Letters and Comment

AuthorRam Chandra Subedi/Bryan Harris
PositionAdvocate, Supreme Court of Nepal/Professor Emeritus of Materials Science, University of Bath, UK.
IP in universities - far from rosy

I am curious to know how much of the article and follow-up letters about IP in universities (Putting Policies in Place - Issue no. 5/2006; Letters and Comment - issue no. 6/2006) were written by administrators or lawyers, whose jobs are actually parasitic on the backs of active academics, with whose intellectual products the article was concerned.

From a UK perspective, the article paints far too rosy a view of the interaction between universities and industry, and fails signally to mention the important problems that have arisen in the past. Notwithstanding the idealistic notion that Academe and Industry can - and perhaps should - work together for mutual benefit, the reality is that there is a fundamental disparity of objectives, which in many cases, even if not always, prevents the cosy symbiosis presented in the article. Industry is about making profits for shareholders. A university should be a place where minds are trained, preferably in a disinterested environment.

Big industry is used to paying as little as it can get away with for the research it wants. It demands secrecy, non-disclosure agreements, and holding back on patenting in order to get ‘lead-time.' It is able to cut short any research programme which is not moving fast enough. These factors, together with the over-riding short-termism of much industrial research, are directly at odds with good practice in the education of researchers. SMEs are even worse, because in many instances they cannot actually afford the necessary cash for their contributions, which therefore often end up being ‘in-kind.' Twice, in my own experience, the managing directors of SMEs with which I had collaborative research programmes walked away from the programmes with the entire IP and sold it elsewhere to their own profit.

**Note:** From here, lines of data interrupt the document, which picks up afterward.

(* Let $p$ be a fixed odd prime. For every $\epsilon>0$ there exists $c>0$ such that for every $n$, if $f:\mathbb{F}_p^n\to[-1,1]$ satisfies $\|f\|_{U^2}\le c$, $a\in[-1,1]$ is a constant, and $g(x)=a+f(x)$ for every $x\in\mathbb{F}_p^n$, then $\bigl|\|g\|_{U^3}^8-(a^8+\|f\|_{U^3}^8)\bigr|\le\epsilon$.
   Context: For real-valued $f$ on $\mathbb{F}_p^n$ and $k\ge2$, $\|f\|_{U^k}^{2^k}=\mathbb{E}_{x,h_1,\dots,h_k\in\mathbb{F}_p^n}\prod_{\omega\in\{0,1\}^k}f(x+\omega_1h_1+\dots+\omega_kh_k)$ (uniform averages). *)

From HB Require Import structures.
From mathcomp Require Import all_boot all_order all_algebra.
From mathcomp Require Import reals.
Set Implicit Arguments. Unset Strict Implicit. Unset Printing Implicit Defensive.
Import Order.TTheory GRing.Theory Num.Theory.
Local Open Scope ring_scope.

(* ||f||_{U^k}^{2^k} for f : F_p^n -> R, as the uniform average over
   x, h_1..h_k of prod_{w in {0,1}^k} f (x + sum_i w_i h_i). *)
Definition gowers_pow (R : realType) (p n k : nat) (f : 'rV['F_p]_n -> R) : R :=
  (\sum_(x : 'rV['F_p]_n) \sum_(h : {ffun 'I_k -> 'rV['F_p]_n})
      \prod_(w : {ffun 'I_k -> bool})
         f (x + \sum_(i < k) (if w i then h i else 0)))
  / (#|{: 'rV['F_p]_n}|%:R ^+ k.+1).

Definition gowers_U2 (R : realType) (p n : nat) (f : 'rV['F_p]_n -> R) : R :=
  Num.sqrt (Num.sqrt (gowers_pow 2 f)).

From HB Require Import structures.
From mathcomp Require Import all_boot all_order all_algebra.
From mathcomp Require Import reals.
From mathcomp Require Import ring.
Import Order.TTheory GRing.Theory Num.Theory.
Local Open Scope ring_scope.
Set Implicit Arguments. Unset Strict Implicit. Unset Printing Implicit Defensive.

(* Expanding every factor of ||a + f||_{U^3}^8 as a + f writes it as a sum of
   2^8 Gowers inner products, one for each set S of vertices of the cube
   {0,1}^3 that carry f (the others carry a).  S = {} and S = {0,1}^3 give a^8
   and ||f||_{U^3}^8.  Any other term factors along h_3 into the two opposite
   faces h_3 = 0 and h_3 = 1.  If a face is mixed, Cauchy-Schwarz bounds the
   term by the root of the second moment of that face, and up to the symmetries
   of the square a mixed face is a power of a times the mean of f, the
   autocorrelation r(h_1) or r(h_1 + h_2), or a three-point correlation; all
   their second moments are at most ||f||_{U^2}^2, because
   ||f||_{U^2}^4 = E_z r(z)^2.  If both faces are constant the term is
   a^4 ||f||_{U^2}^4.  Hence every cross term is at most ||f||_{U^2}.  Nothing
   about F_p^n beyond being a finite abelian group is used. *)

Section Average.
Variables (R : realFieldType) (V : finZmodType).
Implicit Types (F G : V -> R) (c : R).

Definition avg F : R := (\sum_x F x) / #|V|%:R.

Lemma card_finZmod_neq0 : #|V|%:R != 0 :> R.
Proof. by rewrite pnatr_eq0 -lt0n; apply/card_gt0P; exists 0. Qed.

Lemma eq_avg F G : F =1 G -> avg F = avg G.
Proof. by move=> FG; rewrite /avg (eq_bigr _ (fun x _ => FG x)). Qed.

Lemma avg_cst c : avg (fun=> c) = c.
Proof. by rewrite /avg sumr_const -[c *+ _]mulr_natr mulfK ?card_finZmod_neq0. Qed.

Lemma avgD F G : avg (fun x => F x + G x) = avg F + avg G.
Proof. by rewrite /avg big_split mulrDl. Qed.

Lemma avgZl c F : avg (fun x => c * F x) = c * avg F.
Proof. by rewrite /avg -mulr_sumr mulrA. Qed.

Lemma avgZr c F : avg (fun x => F x * c) = avg F * c.
Proof. by rewrite /avg -mulr_suml mulrAC. Qed.

Lemma ler_avg F G : (forall x, F x <= G x) -> avg F <= avg G.
Proof.
move=> FG; rewrite ler_pM2r ?invr_gt0 ?lt0r ?card_finZmod_neq0 ?ler0n //.
exact: ler_sum.
Qed.

Lemma avg_ge0 F : (forall x, 0 <= F x) -> 0 <= avg F.
Proof. by move=> F_ge0; rewrite -(avg_cst 0); apply: ler_avg. Qed.

Lemma norm_avg_le F : `|avg F| <= avg (fun x => `|F x|).
Proof.
rewrite normrM normfV normr_nat ler_pM2r ?invr_gt0 ?lt0r ?card_finZmod_neq0 ?ler0n //.
exact: ler_norm_sum.
Qed.

Lemma norm_avg_le1 F : (forall x, `|F x| <= 1) -> `|avg F| <= 1.
Proof.
by move=> F_le1; rewrite (le_trans (norm_avg_le F)) // -(avg_cst 1) ler_avg.
Qed.

Lemma avg_addr t F : avg (fun x => F (x + t)) = avg F.
Proof. by rewrite /avg [in RHS](reindex_inj (addIr t)). Qed.

Lemma avg_opp F : avg (fun x => F (- x)) = avg F.
Proof. by rewrite /avg [in RHS](reindex_inj oppr_inj). Qed.

Lemma avg_swap (F : V -> V -> R) :
  avg (fun x => avg (fun y => F x y)) = avg (fun y => avg (fun x => F x y)).
Proof. by rewrite /avg -!mulr_suml exchange_big. Qed.

Lemma avg_mul F G : avg F * avg G = avg (fun x => avg (fun y => F x * G y)).
Proof. by rewrite -avgZr; apply: eq_avg => x; rewrite avgZl. Qed.

Lemma sqr_avg_le F : avg F ^+ 2 <= avg (fun x => F x ^+ 2).
Proof.
set m := avg F; rewrite -subr_ge0.
have -> : avg (fun x => F x ^+ 2) - m ^+ 2 = avg (fun x => (F x - m) ^+ 2).
  rewrite [RHS](eq_avg (G := fun x => F x ^+ 2 + (- (2 * m) * F x + m ^+ 2)));
    last by move=> x; ring.
  by rewrite avgD avgD avgZl avg_cst -/m; ring.
by apply: avg_ge0 => x; apply: sqr_ge0.
Qed.

Lemma sum_div_avg k (S : V -> R) :
  (\sum_x S x) / #|V|%:R ^+ k.+1 = avg (fun x => S x / #|V|%:R ^+ k).
Proof. by rewrite /avg -mulr_suml exprSr invfM mulrA. Qed.

End Average.

Section AverageSqrt.
Variables (R : rcfType) (V : finZmodType).

Lemma ler_self_sqrtr (x : R) : 0 <= x <= 1 -> x <= Num.sqrt x.
Proof.
case/andP=> x_ge0 x_le1; rewrite -{1}(sqr_sqrtr x_ge0) expr2 ler_piMl ?sqrtr_ge0 //.
by rewrite -sqrtr1 ler_wsqrtr.
Qed.

Lemma norm_avg2_mul_le (B C : V -> V -> R) : (forall u v, `|C u v| <= 1) ->
  `|avg (fun u => avg (fun v => B u v * C u v))| <=
  Num.sqrt (avg (fun u => avg (fun v => B u v ^+ 2))).
Proof.
move=> C_le1; set X := avg (fun u => avg (fun v => `|B u v|)).
have X_ge0 : 0 <= X by do 2!apply: avg_ge0 => ?.
apply: le_trans (_ : X <= _).
  apply: le_trans (norm_avg_le _) _; apply: ler_avg => u.
  apply: le_trans (norm_avg_le _) _; apply: ler_avg => v.
  by rewrite normrM ler_piMr.
rewrite -(ger0_norm X_ge0) -sqrtr_sqr ler_wsqrtr //.
apply: le_trans (sqr_avg_le _) _; apply: ler_avg => u.
apply: le_trans (sqr_avg_le _) _; apply: ler_avg => v.
by rewrite real_normK ?num_real.
Qed.

End AverageSqrt.

Section SmallFfun.
Variable T : finType.

Definition ffun2 (t1 t2 : T) : {ffun 'I_2 -> T} :=
  [ffun i => if val i == 0%N then t1 else t2].

Definition ffun3 (t1 t2 t3 : T) : {ffun 'I_3 -> T} :=
  [ffun i => if val i == 0%N then t1 else if val i == 1%N then t2 else t3].

Lemma ffun2_eta (w : {ffun 'I_2 -> T}) : ffun2 (w ord0) (w ord_max) = w.
Proof.
by apply/ffunP => -[[|[|//]] lti]; rewrite ffunE /=; congr (w _); apply: val_inj.
Qed.

Lemma ffun3_eta (w : {ffun 'I_3 -> T}) :
  ffun3 (w ord0) (w (@Ordinal 3 1 isT)) (w ord_max) = w.
Proof.
by apply/ffunP => -[[|[|[|//]]] lti]; rewrite ffunE /=; congr (w _); apply: val_inj.
Qed.

Lemma ffun3_const (Q : Type) (S : {ffun {ffun 'I_3 -> T} -> Q}) (c : Q) :
  (forall t1 t2 t3, S (ffun3 t1 t2 t3) = c) -> S = [ffun=> c].
Proof. by move=> Sc; apply/ffunP => w; rewrite ffunE -(ffun3_eta w) Sc. Qed.

Lemma big_ffun2 (Q : Type) (idx : Q) (op : Monoid.com_law idx)
    (F : {ffun 'I_2 -> T} -> Q) :
  \big[op/idx]_w F w = \big[op/idx]_t1 \big[op/idx]_t2 F (ffun2 t1 t2).
Proof.
rewrite pair_big (reindex (fun t : T * T => ffun2 t.1 t.2)) //.
exists (fun w : {ffun 'I_2 -> T} => (w ord0, w ord_max));
  [by move=> [t1 t2] _; rewrite !ffunE | move=> w _; exact: ffun2_eta].
Qed.

Lemma big_ffun3 (Q : Type) (idx : Q) (op : Monoid.com_law idx)
    (F : {ffun 'I_3 -> T} -> Q) :
  \big[op/idx]_w F w =
  \big[op/idx]_t1 \big[op/idx]_t2 \big[op/idx]_t3 F (ffun3 t1 t2 t3).
Proof.
under [RHS]eq_bigr do rewrite pair_big.
rewrite pair_big (reindex (fun t : T * (T * T) => ffun3 t.1 t.2.1 t.2.2)) //.
exists (fun w : {ffun 'I_3 -> T} => (w ord0, (w (@Ordinal 3 1 isT), w ord_max)));
  [by move=> [t1 [t2 t3]] _; rewrite !ffunE | move=> w _; exact: ffun3_eta].
Qed.

End SmallFfun.

Section GowersInner.
Variables (R : realFieldType) (V : finZmodType).

Definition gowers_inner k (F : {ffun 'I_k -> bool} -> V -> R) : R :=
  (\sum_x \sum_(h : {ffun 'I_k -> V}) \prod_w
      F w (x + \sum_(i < k) (if w i then h i else 0))) / #|V|%:R ^+ k.+1.
Arguments gowers_inner : clear implicits.

Lemma eq_gowers_inner k (F G : {ffun 'I_k -> bool} -> V -> R) :
  (forall w x, F w x = G w x) -> gowers_inner k F = gowers_inner k G.
Proof.
move=> FG; rewrite /gowers_inner; congr (_ / _).
by do 2!apply: eq_bigr => ? _; apply: eq_bigr => w _; apply: FG.
Qed.

Lemma gowers_inner_cst k (c : R) : gowers_inner k (fun _ _ => c) = c ^+ (2 ^ k).
Proof.
rewrite /gowers_inner prodr_const card_ffun card_bool card_ord !sumr_const.
rewrite card_ffun card_ord -mulrnA -[c ^+ _ *+ _]mulr_natr natrM natrX -exprSr.
by rewrite mulfK // expf_neq0 // card_finZmod_neq0.
Qed.

Lemma gowers_inner_addE k (F0 F1 : {ffun 'I_k -> bool} -> V -> R) :
  gowers_inner k (fun w x => F0 w x + F1 w x) =
  \sum_(S : {ffun {ffun 'I_k -> bool} -> bool})
     gowers_inner k (fun w => if S w then F1 w else F0 w).
Proof.
rewrite /gowers_inner -mulr_suml; congr (_ / _).
have prod_addE (y : {ffun 'I_k -> bool} -> V) :
    \prod_w (F0 w (y w) + F1 w (y w)) =
    \sum_(S : {ffun _ -> bool}) \prod_w (if S w then F1 w else F0 w) (y w).
  rewrite -(bigA_distr_bigA (fun w (b : bool) => (if b then F1 w else F0 w) (y w))).
  by apply: eq_bigr => w _; rewrite big_bool addrC.
under eq_bigr => x _ do under eq_bigr => h _ do
  rewrite (prod_addE (fun w => x + \sum_(i < k) (if w i then h i else 0))).
by under eq_bigr do rewrite exchange_big; rewrite exchange_big.
Qed.

Definition face (A B C D : V -> R) (h1 h2 : V) : R :=
  avg (fun y => A y * B (y + h1) * C (y + h2) * D (y + h1 + h2)).

Lemma gowers_inner2_face (F : {ffun 'I_2 -> bool} -> V -> R) :
  gowers_inner 2 F = avg (fun h1 => avg (fun h2 =>
    face (F (ffun2 false false)) (F (ffun2 true false))
         (F (ffun2 false true)) (F (ffun2 true true)) h1 h2)).
Proof.
rewrite /gowers_inner sum_div_avg; under eq_avg do rewrite big_ffun2 sum_div_avg.
under eq_avg do under eq_avg do rewrite sum_div_avg expr0.
rewrite avg_swap; apply: eq_avg => h1; rewrite avg_swap; apply: eq_avg => h2.
apply: eq_avg => x; rewrite divr1 big_ffun2 !big_bool !big_ord_recl !big_ord0 !ffunE /=.
by rewrite !addr0 !add0r !addrA; ring.
Qed.

Lemma gowers_inner3_faces (F : {ffun 'I_3 -> bool} -> V -> R) :
  gowers_inner 3 F = avg (fun h1 => avg (fun h2 =>
    face (F (ffun3 false false false)) (F (ffun3 true false false))
         (F (ffun3 false true false)) (F (ffun3 true true false)) h1 h2 *
    face (F (ffun3 false false true)) (F (ffun3 true false true))
         (F (ffun3 false true true)) (F (ffun3 true true true)) h1 h2)).
Proof.
rewrite /gowers_inner sum_div_avg; under eq_avg do rewrite big_ffun3 sum_div_avg.
under eq_avg do under eq_avg do rewrite sum_div_avg.
under eq_avg do under eq_avg do under eq_avg do rewrite sum_div_avg expr0.
rewrite avg_swap; apply: eq_avg => h1; rewrite avg_swap; apply: eq_avg => h2.
rewrite {2}/face -avgZr; apply: eq_avg => x; rewrite /face -avgZl -[RHS](avg_addr x).
apply: eq_avg => h3; rewrite divr1 big_ffun3 !big_bool !big_ord_recl !big_ord0 !ffunE /=.
by rewrite !addr0 !add0r !addrA (addrC h3 x) !(addrAC _ h3); ring.
Qed.

End GowersInner.
Arguments gowers_inner {R V} k F.

Section Faces.
Variables (R : realFieldType) (V : finZmodType).
Implicit Types A B C D : V -> R.

Definition face_sq A B C D : R :=
  avg (fun h1 => avg (fun h2 => face A B C D h1 h2 ^+ 2)).

Lemma face_sq_swap A B C D : face_sq A B C D = face_sq A C B D.
Proof.
rewrite /face_sq avg_swap; apply: eq_avg => h2; apply: eq_avg => h1.
by congr (_ ^+ 2); apply: eq_avg => y; rewrite (addrAC y h2 h1); ring.
Qed.

Lemma face_sq_flip A B C D : face_sq A B C D = face_sq B A D C.
Proof.
rewrite /face_sq -[LHS]avg_opp; apply: eq_avg => h1; apply: eq_avg => h2.
congr (_ ^+ 2); rewrite /face -(avg_addr h1); apply: eq_avg => y.
by rewrite addrK addrAC; ring.
Qed.

Lemma face_sq_scale_le A B C D (c : R) (G : V -> V -> R) : `|c| <= 1 ->
    (forall h1 h2, face A B C D h1 h2 = c * G h1 h2) ->
  face_sq A B C D <= avg (fun h1 => avg (fun h2 => G h1 h2 ^+ 2)).
Proof.
move=> c_le1 faceE; apply: ler_avg => h1; apply: ler_avg => h2.
rewrite faceE exprMn ler_piMl ?sqr_ge0 //.
by rewrite -(real_normK (num_real c)) exprn_ile1.
Qed.

End Faces.

Section ConstantPlusBounded.
Variables (R : rcfType) (V : finZmodType) (f : V -> R) (a : R).
Hypotheses (f_le1 : forall x, `|f x| <= 1) (a_le1 : `|a| <= 1).
Local Notation U := (gowers_inner 2 (fun=> f)).

Definition autocorr (z : V) : R := avg (fun y => f y * f (y + z)).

Moreover, the basic rights of academics to their own ideas are being eroded. While most university websites now describe how income from the IP of their academics is shared ‘fairly' between the originators and the university, it is never clear how much say the academics themselves have had. Cambridge academics fought hard, but unsuccessfully, to prevent the University changing employment contracts so that all faculty IPR belong to it alone. One wonders how Isaac Newton would have fared in Cambridge today?